(* Let scalar functions $S_n(t),\bar S_n(t),v_n(t)$ ($n\in\mathbb{Z}$) satisfy \begin{align*} \mathrm{i}\,S_{n,t}&=v_n(S_{n+1}+S_{n-1})-cS_n,\qquad \mathrm{i}\,\bar S_{n,t}=-v_n(\bar S_{n+1}+\bar S_{n-1})+c\bar S_n,\\ v_{n,t}&=\tfrac12 v_n\,\Delta_n^+\big(S_n\bar S_{n-1}+S_{n-1}\bar S_n\big), \end{align*} with $c$ constant. Then \begin{align*} &\Big\{v_n(S_{n+1}+S_{n-1})(\bar S_{n+1}+\bar S_{n-1})+\tfrac{\mathrm{i}}{4}\big[(S_{n+1}\bar S_n)^2-(S_n\bar S_{n+1})^2\big]\Big\}_t\\ &=\Delta_n^+\Big\{-\mathrm{i}\,v_nv_{n-1}\big[(S_{n+1}+S_{n-1})(\bar S_n+\bar S_{n-2})-(S_n+S_{n-2})(\bar S_{n+1}+\bar S_{n-1})\big]\\ &\qquad+\tfrac12 v_n\big[S_{n-1}\bar S_{n-1}(S_n\bar S_{n-1}+S_{n-1}\bar S_n)+S_{n+1}\bar S_{n-1}S_n\bar S_{n-1}+S_{n-1}\bar S_{n+1}S_{n-1}\bar S_n\big]\Big\}. \end{align*}
   Context: $\Delta_n^+f_n:=f_{n+1}-f_n$; $\bar S_n$ is an independent variable (not necessarily the complex conjugate of $S_n$). *)

From Stdlib Require Import Reals ZArith.
Open Scope R_scope.

Definition Cx : Type := (R * R)%type.
Definition Cre (z : Cx) : R := fst z.
Definition Cim (z : Cx) : R := snd z.
Definition RtoC (x : R) : Cx := (x, 0).
Definition Ci : Cx := (0, 1).
Definition Cadd (a b : Cx) : Cx := (fst a + fst b, snd a + snd b).
Definition Copp (a : Cx) : Cx := (- fst a, - snd a).
Definition Csub (a b : Cx) : Cx := Cadd a (Copp b).
Definition Cmul (a b : Cx) : Cx :=
  (fst a * fst b - snd a * snd b, fst a * snd b + snd a * fst b).

Declare Scope C_scope.
Delimit Scope C_scope with C.
Infix "+" := Cadd : C_scope.
Infix "-" := Csub : C_scope.
Infix "*" := Cmul : C_scope.
Notation "- a" := (Copp a) : C_scope.

Definition is_derivC (f : R -> Cx) (t : R) (d : Cx) : Prop :=
  derivable_pt_lim (fun s => fst (f s)) t (fst d) /\
  derivable_pt_lim (fun s => snd (f s)) t (snd d).

(* Differentiating F by the product rule and replacing every time derivative
   by the equations of motion (i S_t = ... gives S_t = -i (...)), the claim
   becomes a polynomial identity in the lattice values, with i^2 = -1.  The
   terms carrying c cancel because each monomial of F contains as many factors
   S as factors Sb, and the equations give them opposite phases i c and -i c. *)
From Stdlib Require Import Reals ZArith.
Open Scope R_scope.

Lemma Cx_ring_theory :
  ring_theory (RtoC 0) (RtoC 1) Cadd Cmul Csub Copp (@eq Cx).
Proof.
  constructor; intros;
    repeat match goal with p : Cx |- _ => destruct p end;
    unfold Csub, Cadd, Cmul, Copp, RtoC; simpl; f_equal; ring.
Qed.

Add Ring Cx_ring : Cx_ring_theory.

Lemma Ci_mul_Ci : (Ci * Ci)%C = (- RtoC 1)%C.
Proof. unfold Cmul, Ci, Copp, RtoC; simpl; f_equal; ring. Qed.

Lemma Ci_mul_eqE (d X : Cx) : (Ci * d)%C = X -> d = (- (Ci * X))%C.
Proof. intros <-. ring [Ci_mul_Ci]. Qed.

Lemma RtoC_plus (x y : R) : RtoC (x + y) = (RtoC x + RtoC y)%C.
Proof. unfold Cadd, RtoC; simpl; f_equal; ring. Qed.

Lemma is_derivC_eq_compat (f : R -> Cx) (t : R) (a b : Cx) :
  is_derivC f t a -> a = b -> is_derivC f t b.
Proof. now intros H <-. Qed.

Lemma is_derivC_const (z : Cx) (t : R) : is_derivC (fun _ => z) t (RtoC 0).
Proof. split; apply derivable_pt_lim_const. Qed.

Lemma is_derivC_plus (f g : R -> Cx) (t : R) (a b : Cx) :
  is_derivC f t a -> is_derivC g t b ->
  is_derivC (fun s => (f s + g s)%C) t (a + b)%C.
Proof.
  intros [Hf1 Hf2] [Hg1 Hg2]; split.
  - exact (derivable_pt_lim_plus _ _ _ _ _ Hf1 Hg1).
  - exact (derivable_pt_lim_plus _ _ _ _ _ Hf2 Hg2).
Qed.

Lemma is_derivC_opp (f : R -> Cx) (t : R) (a : Cx) :
  is_derivC f t a -> is_derivC (fun s => (- f s)%C) t (- a)%C.
Proof.
  intros [Hf1 Hf2]; split.
  - exact (derivable_pt_lim_opp _ _ _ Hf1).
  - exact (derivable_pt_lim_opp _ _ _ Hf2).
Qed.

Lemma is_derivC_minus (f g : R -> Cx) (t : R) (a b : Cx) :
  is_derivC f t a -> is_derivC g t b ->
  is_derivC (fun s => (f s - g s)%C) t (a - b)%C.
Proof. intros Hf Hg; apply is_derivC_plus; [exact Hf | now apply is_derivC_opp]. Qed.

Lemma is_derivC_mult (f g : R -> Cx) (t : R) (a b : Cx) :
  is_derivC f t a -> is_derivC g t b ->
  is_derivC (fun s => (f s * g s)%C) t (a * g t + f t * b)%C.
Proof.
  intros [Hf1 Hf2] [Hg1 Hg2]; split; simpl.
  - replace (fst a * fst (g t) - snd a * snd (g t) + (fst (f t) * fst b - snd (f t) * snd b))
      with (fst a * fst (g t) + fst (f t) * fst b - (snd a * snd (g t) + snd (f t) * snd b))
      by ring.
    apply derivable_pt_lim_minus; apply derivable_pt_lim_mult; assumption.
  - replace (fst a * snd (g t) + snd a * fst (g t) + (fst (f t) * snd b + snd (f t) * fst b))
      with (fst a * snd (g t) + fst (f t) * snd b + (snd a * fst (g t) + snd (f t) * fst b))
      by ring.
    apply derivable_pt_lim_plus; apply derivable_pt_lim_mult; assumption.
Qed.

Theorem mainTheorem7
  (S Sb v : Z -> R -> Cx) (dS dSb dv : Z -> R -> Cx) (c : Cx)
  (hS : forall n t, is_derivC (S n) t (dS n t))
  (hSb : forall n t, is_derivC (Sb n) t (dSb n t))
  (hv : forall n t, is_derivC (v n) t (dv n t))
  (eS : forall n t, (Ci * dS n t = v n t * (S (n+1)%Z t + S (n-1)%Z t) - c * S n t)%C)
  (eSb : forall n t, (Ci * dSb n t = - (v n t * (Sb (n+1)%Z t + Sb (n-1)%Z t)) + c * Sb n t)%C)
  (ev : forall n t, dv n t =
     (RtoC (1/2) * v n t *
       ((S (n+1)%Z t * Sb n t + S n t * Sb (n+1)%Z t)
        - (S n t * Sb (n-1)%Z t + S (n-1)%Z t * Sb n t)))%C) :
  let F := fun (n : Z) (t : R) =>
    (v n t * (S (n+1)%Z t + S (n-1)%Z t) * (Sb (n+1)%Z t + Sb (n-1)%Z t)
     + (Ci * RtoC (1/4)) *
       ((S (n+1)%Z t * Sb n t) * (S (n+1)%Z t * Sb n t)
        - (S n t * Sb (n+1)%Z t) * (S n t * Sb (n+1)%Z t)))%C in
  let G := fun (n : Z) (t : R) =>
    (- (Ci * v n t * v (n-1)%Z t *
         ((S (n+1)%Z t + S (n-1)%Z t) * (Sb n t + Sb (n-2)%Z t)
          - (S n t + S (n-2)%Z t) * (Sb (n+1)%Z t + Sb (n-1)%Z t)))
     + RtoC (1/2) * v n t *
       (S (n-1)%Z t * Sb (n-1)%Z t * (S n t * Sb (n-1)%Z t + S (n-1)%Z t * Sb n t)
        + S (n+1)%Z t * Sb (n-1)%Z t * S n t * Sb (n-1)%Z t
        + S (n-1)%Z t * Sb (n+1)%Z t * S (n-1)%Z t * Sb n t))%C in
  forall (n : Z) (t : R), is_derivC (F n) t (G (n+1)%Z t - G n t)%C.
Proof.
  intros F G n t.
  pose proof (fun m s => Ci_mul_eqE _ _ (eS m s)) as dSE.
  pose proof (fun m s => Ci_mul_eqE _ _ (eSb m s)) as dSbE.
  eapply is_derivC_eq_compat.
  { repeat first [ apply hS | apply hSb | apply hv | apply is_derivC_const
                 | apply is_derivC_mult | apply is_derivC_plus
                 | apply is_derivC_minus | apply is_derivC_opp ]. }
  unfold G; rewrite !dSE, !dSbE, !ev.
  replace (n + 1 - 1)%Z with n by ring.
  replace (n - 1 + 1)%Z with n by ring.
  replace (n + 1 - 2)%Z with (n - 1)%Z by ring.
  replace (n - 1 - 1)%Z with (n - 2)%Z by ring.
  replace (n + 1 + 1 - 1)%Z with (n + 1)%Z by ring.
  replace (1 / 2) with (1 / 4 + 1 / 4) by field.
  rewrite RtoC_plus.
  ring [Ci_mul_Ci].
Qed.
(* Let $(A;R)\in\mathcal C$ and let $F_1,\dots,F_r$ ($r\ge1$) be distinct closed sets of $PG(A;R)$, with $U=\bigcup_{i=1}^rF_i$. Let $\rho(F_1,\dots,F_r)$ be the number of $s\in R$ with $s\subseteq U$ but $s\not\subseteq F_i$ for every $i$. Then $$-\Delta(F_1,\dots,F_r)=\delta(U)-d(U)+\rho(F_1,\dots,F_r).$$ Consequently $\Delta(F_1,\dots,F_r)\le0$, and $\Delta(F_1,\dots,F_r)=0$ if and only if $U\le A$ and every $s\in R$ with $s\subseteq U$ is contained in some $F_i$.
   Context: A set system is a pair $(A;R)$ where $R$ is a set of finite non-empty subsets of $A$; for $X\subseteq A$, $R[X]=\{s\in R: s\subseteq X\}$ and $\delta(X)=|X|-|R[X]|$. $\mathcal C$ is the class of finite set systems with $\delta(X)\ge0$ for all $X\subseteq A$. $X\le A$ means $\delta(X)\le\delta(X')$ for all $X\subseteq X'\subseteq A$. Define $d(X)=\min\{\delta(Y):X\subseteq Y\subseteq A\}$ and $\mathrm{cl}(X)=\{y: d(X\cup\{y\})=d(X)\}$; $PG(A;R)$ is the pregeometry $(A,\mathrm{cl})$ with dimension function $d$; closed sets are $F$ with $\mathrm{cl}(F)=F$. For a family $F_i$ ($i\in I=\{1,\dots,r\}$) of distinct closed sets, put $F_S=\bigcap_{i\in S}F_i$ for $\emptyset\neq S\subseteq I$, $F_\emptyset=\bigcup_iF_i$, and $\Delta(F_1,\dots,F_r)=\sum_{S\subseteq I}(-1)^{|S|}d(F_S)$. *)

From HB Require Import structures.
From mathcomp Require Import all_boot all_order all_algebra.
Set Implicit Arguments. Unset Strict Implicit. Unset Printing Implicit Defensive.
Import Order.TTheory GRing.Theory Num.Theory.
Local Open Scope ring_scope.

Section SetSystems.
Variable A : finType.
Variable R : {set {set A}}.

Definition set_system : Prop := forall s, s \in R -> s != set0.

Definition ss_RX (X : {set A}) : {set {set A}} := [set s in R | s \subset X].

Definition ss_delta (X : {set A}) : int := (#|X|%:Z - #|ss_RX X|%:Z)%R.

Definition in_C : Prop := set_system /\ forall X : {set A}, (0 <= ss_delta X)%R.

Definition ss_le (X : {set A}) : Prop :=
  forall X' : {set A}, X \subset X' -> (ss_delta X <= ss_delta X')%R.

(* d(X) = min { ss_delta(Y) : X ⊆ Y ⊆ A }  (seeded with ss_delta(A), which is in range) *)
Definition ss_d (X : {set A}) : int :=
  \big[Num.min/ss_delta [set: A]]_(Y : {set A} | X \subset Y) ss_delta Y.

Definition ss_cl (X : {set A}) : {set A} := [set y | ss_d (y |: X) == ss_d X].

Definition ss_closed (F : {set A}) : Prop := ss_cl F = F.

Definition ss_FS (r : nat) (F : 'I_r -> {set A}) (S : {set 'I_r}) : {set A} :=
  if S == set0 then \bigcup_(i < r) F i else \bigcap_(i in S) F i.

Definition ss_Delta (r : nat) (F : 'I_r -> {set A}) : int :=
  \sum_(S : {set 'I_r}) (-1) ^+ #|S| * ss_d (ss_FS F S).

Definition ss_rho (r : nat) (F : 'I_r -> {set A}) : nat :=
  #|[set s in R | (s \subset \bigcup_(i < r) F i) &&
                  [forall i : 'I_r, ~~ (s \subset F i)]]|.

End SetSystems.

From HB Require Import structures.
From mathcomp Require Import all_boot all_order all_algebra.
From mathcomp Require Import zify.
Import Order.TTheory GRing.Theory Num.Theory.
Local Open Scope ring_scope.

(* Write U for the union of the F_i and F_S for their intersections (S ≠ ∅).
   1. d(X) is the minimum of δ over the supersets of X; it equals δ(X)
      exactly when X ≤ A, and closed sets satisfy F ≤ A.
   2. δ is submodular, because R[X ∩ Y] = R[X] ∩ R[Y] and
      R[X] ∪ R[Y] ⊆ R[X ∪ Y]; hence self-sufficiency is stable under
      intersections and d(F_S) = |F_S| - |⋂_{i∈S} R[F_i]| for S ≠ ∅.
   3. Inclusion–exclusion, proved here by expanding ∏_i (1 - 1_{G_i}) and
      applied once to the F_i and once to the R[F_i], turns
      Δ = d(U) + Σ_{S≠∅} (-1)^|S| d(F_S) into d(U) - |U| + |⋃_i R[F_i]|.
   4. R[U] is the disjoint union of ⋃_i R[F_i] and the ρ sets counted by ρ,
      whence -Δ = δ(U) - d(U) + ρ.  Both summands are non-negative, so
      Δ ≤ 0 with equality iff d(U) = δ(U) (that is, U ≤ A) and ρ = 0. *)

Section Dimension.
Variables (A : finType) (R : {set {set A}}).
Implicit Types X Y F : {set A}.

Lemma ss_d_le_delta X Y : X \subset Y -> ss_d R X <= ss_delta R Y.
Proof. by move=> sXY; apply: bigmin_le_cond. Qed.

Lemma ss_d_attained X : exists2 Y : {set A}, X \subset Y & ss_d R X = ss_delta R Y.
Proof.
rewrite /ss_d.
apply: (big_ind (fun v => exists2 Y : {set A}, X \subset Y & v = ss_delta R Y)).
- by exists setT; rewrite ?subsetT.
- move=> _ _ [Y1 sXY1 ->] [Y2 sXY2 ->].
  by have [_|_] := leP (ss_delta R Y1) (ss_delta R Y2); [exists Y1 | exists Y2].
- by move=> Y sXY; exists Y.
Qed.

(* d is monotone, since a superset realising d(Y) is also a superset of X. *)
Lemma ss_d_mono X Y : X \subset Y -> ss_d R X <= ss_d R Y.
Proof.
move=> sXY; have [Z sYZ ->] := ss_d_attained Y.
exact/ss_d_le_delta/(subset_trans sXY).
Qed.

Lemma ss_leP X : ss_le R X <-> ss_d R X = ss_delta R X.
Proof.
split=> [leX | dX Y sXY]; last by rewrite -dX ss_d_le_delta.
apply/eqP; rewrite eq_le ss_d_le_delta //=.
by apply/bigmin_geP; split=> [|Y /leX //]; apply/leX/subsetT.
Qed.

(* Closed sets are self-sufficient: a superset realising d(F) lies in cl(F). *)
Lemma closed_ss_le F : ss_closed R F -> ss_le R F.
Proof.
move=> clF; apply/ss_leP; have [Y sFY dF] := ss_d_attained F.
suff sYF : Y \subset F by rewrite dF; congr ss_delta; apply/eqP; rewrite eqEsubset sYF.
apply/subsetP=> y yY; rewrite -clF inE eq_le (ss_d_mono _ _ (subsetUr [set y] F)) andbT.
by rewrite dF ss_d_le_delta // subUset sub1set yY.
Qed.

End Dimension.

Section Submodularity.
Variables (A : finType) (R : {set {set A}}).
Implicit Types X Y F G : {set A}.

Lemma ss_RX_setI X Y : ss_RX R (X :&: Y) = ss_RX R X :&: ss_RX R Y.
Proof. by apply/setP=> s; rewrite !inE subsetI andbACA andbb. Qed.

Lemma ss_RX_setU X Y : ss_RX R X :|: ss_RX R Y \subset ss_RX R (X :|: Y).
Proof.
apply/subsetP=> s; rewrite !inE => /orP[] /andP[-> sX] /=.
  exact: subset_trans sX (subsetUl _ _).
exact: subset_trans sX (subsetUr _ _).
Qed.

Lemma ss_delta_submod X Y :
  ss_delta R (X :|: Y) + ss_delta R (X :&: Y) <= ss_delta R X + ss_delta R Y.
Proof.
rewrite /ss_delta ss_RX_setI.
have := cardsUI X Y; have := cardsUI (ss_RX R X) (ss_RX R Y).
have := subset_leq_card (ss_RX_setU X Y); lia.
Qed.

Lemma ss_le_setI F G : ss_le R F -> ss_le R G -> ss_le R (F :&: G).
Proof.
move=> leF leG Y sFGY.
have delta_cap Z H : ss_le R H -> ss_delta R (Z :&: H) <= ss_delta R Z.
  by move=> leH; have := leH _ (subsetUr Z H); have := ss_delta_submod Z H; lia.
have -> : F :&: G = Y :&: F :&: G by rewrite -setIA (setIidPr sFGY).
exact: le_trans (delta_cap _ _ leG) (delta_cap _ _ leF).
Qed.

Lemma ss_le_bigcap (I : finType) (S : {set I}) (H : I -> {set A}) :
  (forall i, ss_le R (H i)) -> ss_le R (\bigcap_(i in S) H i).
Proof.
move=> leH; apply: (big_ind (ss_le R)) => [Y|F G|i _]; last exact: leH.
- by rewrite subTset => /eqP ->.
- exact: ss_le_setI.
Qed.

Lemma ss_RX_bigcap (I : finType) (S : {set I}) (H : I -> {set A}) :
  S != set0 -> ss_RX R (\bigcap_(i in S) H i) = \bigcap_(i in S) ss_RX R (H i).
Proof.
case/set0Pn=> j jS; apply/setP=> s; rewrite inE; apply/andP/bigcapP.
  move=> [sR sH] i iS; rewrite inE sR (subset_trans sH) //; exact: bigcap_inf.
move=> sRH; split; first by have := sRH j jS; rewrite inE => /andP[].
by apply/bigcapsP=> i iS; have := sRH i iS; rewrite inE => /andP[].
Qed.

End Submodularity.

Section InclusionExclusion.
Variables (T I : finType) (G : I -> {set T}).

Lemma prodr_indicator (Rg : comPzRingType) (P : pred I) (b : I -> bool) :
  \prod_(i | P i) ((b i)%:R : Rg) = [forall (i | P i), b i]%:R.
Proof.
case: (boolP [forall (i | P i), b i]) => [/forall_inP allb | /forall_inPn[i Pi nbi]].
  by apply: big1 => i /allb ->.
by rewrite (bigD1 i) //= (negbTE nbi) mul0r.
Qed.

(* Pointwise inclusion–exclusion, by expanding ∏_i (1 - 1_{G_i}). *)
Lemma indicator_incl_excl (x : T) :
  \sum_(J : {set I}) (-1) ^+ #|J| * ((x \in \bigcap_(i in J) G i)%:R : int)
  = (x \notin \bigcup_i G i)%:R.
Proof.
have prod_compl : \prod_i (- ((x \in G i)%:R : int) + 1) = (x \notin \bigcup_i G i)%:R.
  under eq_bigr => i _ do have -> : - ((x \in G i)%:R : int) + 1 = (x \notin G i)%:R
    by case: (x \in G i).
  rewrite prodr_indicator; congr (nat_of_bool _ )%:R.
  apply/forallP/negP => [notG /bigcupP[i _ xG] | notU i]; first by case/negP: (notG i).
  by apply/negP=> xG; apply: notU; apply/bigcupP; exists i.
rewrite -prod_compl bigA_distr; apply: eq_bigr => J _.
rewrite -big_mkcond prodrN prodr_indicator; congr (_ * (nat_of_bool _)%:R).
exact/bigcapP/forall_inP.
Qed.

Lemma natr_card_sum (X : {set T}) : (#|X|%:R : int) = \sum_x (x \in X)%:R.
Proof. by rewrite -sumr_const big_mkcond; apply: eq_bigr => x _; case: ifP. Qed.

Lemma incl_excl :
  \sum_(J : {set I} | J != set0) (-1) ^+ #|J| * (#|\bigcap_(i in J) G i|%:R : int)
  = - (#|\bigcup_i G i|%:R).
Proof.
have all_terms : \sum_(J : {set I}) (-1) ^+ #|J| * (#|\bigcap_(i in J) G i|%:R : int)
                 = #|T|%:R - #|\bigcup_i G i|%:R.
  under [LHS]eq_bigr => J _ do rewrite natr_card_sum mulr_sumr.
  rewrite exchange_big /=; under eq_bigr => x _ do rewrite indicator_incl_excl -in_setC.
  by rewrite -natr_card_sum -(cardsC (\bigcup_i G i)) natrD addrAC subrr add0r.
move: all_terms; rewrite (bigD1 set0) //= cards0 expr0 mul1r big_set0 cardsT.
exact: addrI.
Qed.

End InclusionExclusion.

Section DeltaFormula.
Variables (A : finType) (R : {set {set A}}) (r : nat) (F : 'I_r -> {set A}).
Hypothesis closedF : forall i, ss_closed R (F i).
Let U := \bigcup_(i < r) F i.

(* For S ≠ ∅, F_S is self-sufficient, so d(F_S) = |F_S| - |⋂_{i∈S} R[F_i]|. *)
Lemma ss_d_FS (S : {set 'I_r}) : S != set0 ->
  ss_d R (ss_FS F S) =
  #|\bigcap_(i in S) F i|%:Z - #|\bigcap_(i in S) ss_RX R (F i)|%:Z.
Proof.
move=> nS; rewrite /ss_FS (negbTE nS).
rewrite (ss_leP _ _ _).1; last by apply: ss_le_bigcap => i; exact: closed_ss_le.
by rewrite /ss_delta ss_RX_bigcap.
Qed.

Lemma ss_Delta_closed :
  ss_Delta R F = ss_d R U - #|U|%:Z + #|\bigcup_(i < r) ss_RX R (F i)|%:Z.
Proof.
rewrite /ss_Delta (bigD1 set0) //= cards0 expr0 mul1r /ss_FS eqxx -/U.
under eq_bigr => S nS do rewrite -/(ss_FS F S) ss_d_FS // mulrBr -!natz.
by rewrite sumrB !incl_excl opprK !natz addrA.
Qed.

Lemma card_ss_RX_union :
  #|ss_RX R U| = (#|\bigcup_(i < r) ss_RX R (F i)| + ss_rho R F)%N.
Proof.
rewrite -(cardsID (\bigcup_(i < r) ss_RX R (F i)) (ss_RX R U)) /ss_rho.
congr (_ + _)%N; apply: eq_card => s; rewrite !inE.
  apply/andP/idP => [[_ //] | inRF]; split=> //.
  have /bigcupP[i _] := inRF; rewrite inE => /andP[-> sF] /=.
  exact: subset_trans sF (bigcup_sup i _).
case sR: (s \in R) => //=; rewrite andbC; congr (_ && _).
apply/negP/forallP => [noF i | noF /bigcupP[i _]]; last by rewrite inE sR (negbTE (noF i)).
by apply/negP=> sF; apply: noF; apply/bigcupP; exists i; rewrite // inE sR.
Qed.

Lemma ss_rho_eq0P :
  ss_rho R F = 0%N <-> forall s, s \in R -> s \subset U -> exists i, s \subset F i.
Proof.
rewrite /ss_rho; split=> [/cards0_eq/setP rho0 s sR sU | inF].
  move: (rho0 s); rewrite !inE sR sU /= => /negbT /forallPn[i].
  by rewrite negbK; exists i.
apply/eqP; rewrite cards_eq0; apply/eqP/setP=> s; rewrite !inE.
apply/negP=> /and3P[sR sU /forallP noF].
by have [i sF] := inF s sR sU; move: (noF i); rewrite sF.
Qed.

End DeltaFormula.

Theorem mainTheorem7 (A : finType) (R : {set {set A}}) (r : nat)
  (F : 'I_r -> {set A}) :
  in_C R -> (0 < r)%N -> injective F -> (forall i, ss_closed R (F i)) ->
  let U := \bigcup_(i < r) F i in
  [/\ - ss_Delta R F = ss_delta R U - ss_d R U + (ss_rho R F)%:Z,
      ss_Delta R F <= 0 &
      (ss_Delta R F = 0 <->
        (ss_le R U /\
         forall s, s \in R -> s \subset U -> exists i, s \subset F i))].
Proof.
move=> _ _ _ closedF U.
have formula : - ss_Delta R F = ss_delta R U - ss_d R U + (ss_rho R F)%:Z.
  by rewrite ss_Delta_closed // -/U /ss_delta card_ss_RX_union; lia.
have dU_le : ss_d R U <= ss_delta R U by apply: ss_d_le_delta.
split=> //; first lia.
rewrite ss_leP -ss_rho_eq0P; lia.
Qed.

----

Copy every line from the records above that contains the word "subsetP".

Reply to the exercise.
apply/subsetP=> y yY; rewrite -clF inE eq_le (ss_d_mono _ _ (subsetUr [set y] F)) andbT.
apply/subsetP=> s; rewrite !inE => /orP[] /andP[-> sX] /=.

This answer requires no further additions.